Delilah-Amanda Lynn was one of eight recipients of the WICL grant in 2015. The program landed her with Chicago restaurant bohemeth Lettuce Entertain You, where she completed her program in six months before accepting a management position at the company's Japanese concept, Ramen San. WICL helped Lynn unleash the Beyonce-esque confidence she needs to run her own restaurant one day. You, too, can join WICL.  For the class of 2017, there are currently 20 positions available. Apply by March 12, 2017.

Lisa Elbert: How did you get your start in the industry?
Delilah-Amanda Lynn:
When I was 15, I started working for Far West Fungi at San Francisco Farmers Markets. They taught me a lot about the industry. I went to school for theater, but I felt something was missing. My grandparents owned restaurants when I was little—mom and pop places—and there was something about the industry that I really connected with. 
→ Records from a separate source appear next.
(* Let $(A,I)$ be a prism and $m,n\ge0$. The map $\delta_\bullet\colon A\to W(A)$, followed by truncation and reduction $W(A)\to W_m(A)\to W_m(A/\phi^m(I_n)A)$, factors through $A/I_{m+n}$, giving a map $\delta_\bullet\colon A/I_{m+n}\to W_m(A/\phi^m(I_n)A)$.
   Context: A $\delta$-ring $A$ has Frobenius lift $\phi(x)=x^p+p\delta(x)$. The map $\delta_\bullet\colon A\to W(A)$ encoding the $\delta$-structure is the ring map with Witt coordinates $(x,\delta(x),\delta_2(x),\dots)$ and ghost coordinates $(x,\phi(x),\phi^2(x),\dots)$, i.e.\ $\phi^n(x)=\sum_{k=0}^np^k\delta_k(x)^{p^{n-k}}$. A prism $(A,I)$: $\delta$-ring, $I$ defining a Cartier divisor, $A$ derived $(p,I)$-complete, $p\in I+\phi(I)A$. $I_n=I\phi(I)\cdots\phi^n(I)A$. $W_m$ denotes $p$-typical Witt vectors with $m+1$ coordinates. *)

From mathcomp Require Import all_boot all_algebra.
Set Implicit Arguments. Unset Strict Implicit. Unset Printing Implicit Defensive.
Import GRing.Theory.
Local Open Scope ring_scope.

Section Prism.
Variables (p : nat) (A : comPzRingType) (delta : A -> A).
So, I did a few stages, and Traci Des Jardins hired me at Jardinière where I did garde manger and pastry. I moved on to catering management for Split Pea, and then bakery management at Zynga, the gaming corporation. It was great; we made everything from scratch, and they really let me have free range. 

My next step was working for myself. I owned a private dining company called Little Girl Kitchen in San Francisco where I designed menus, picked locations, and organized private dinners for 12 people or less. I got a lot of private chef clients that way.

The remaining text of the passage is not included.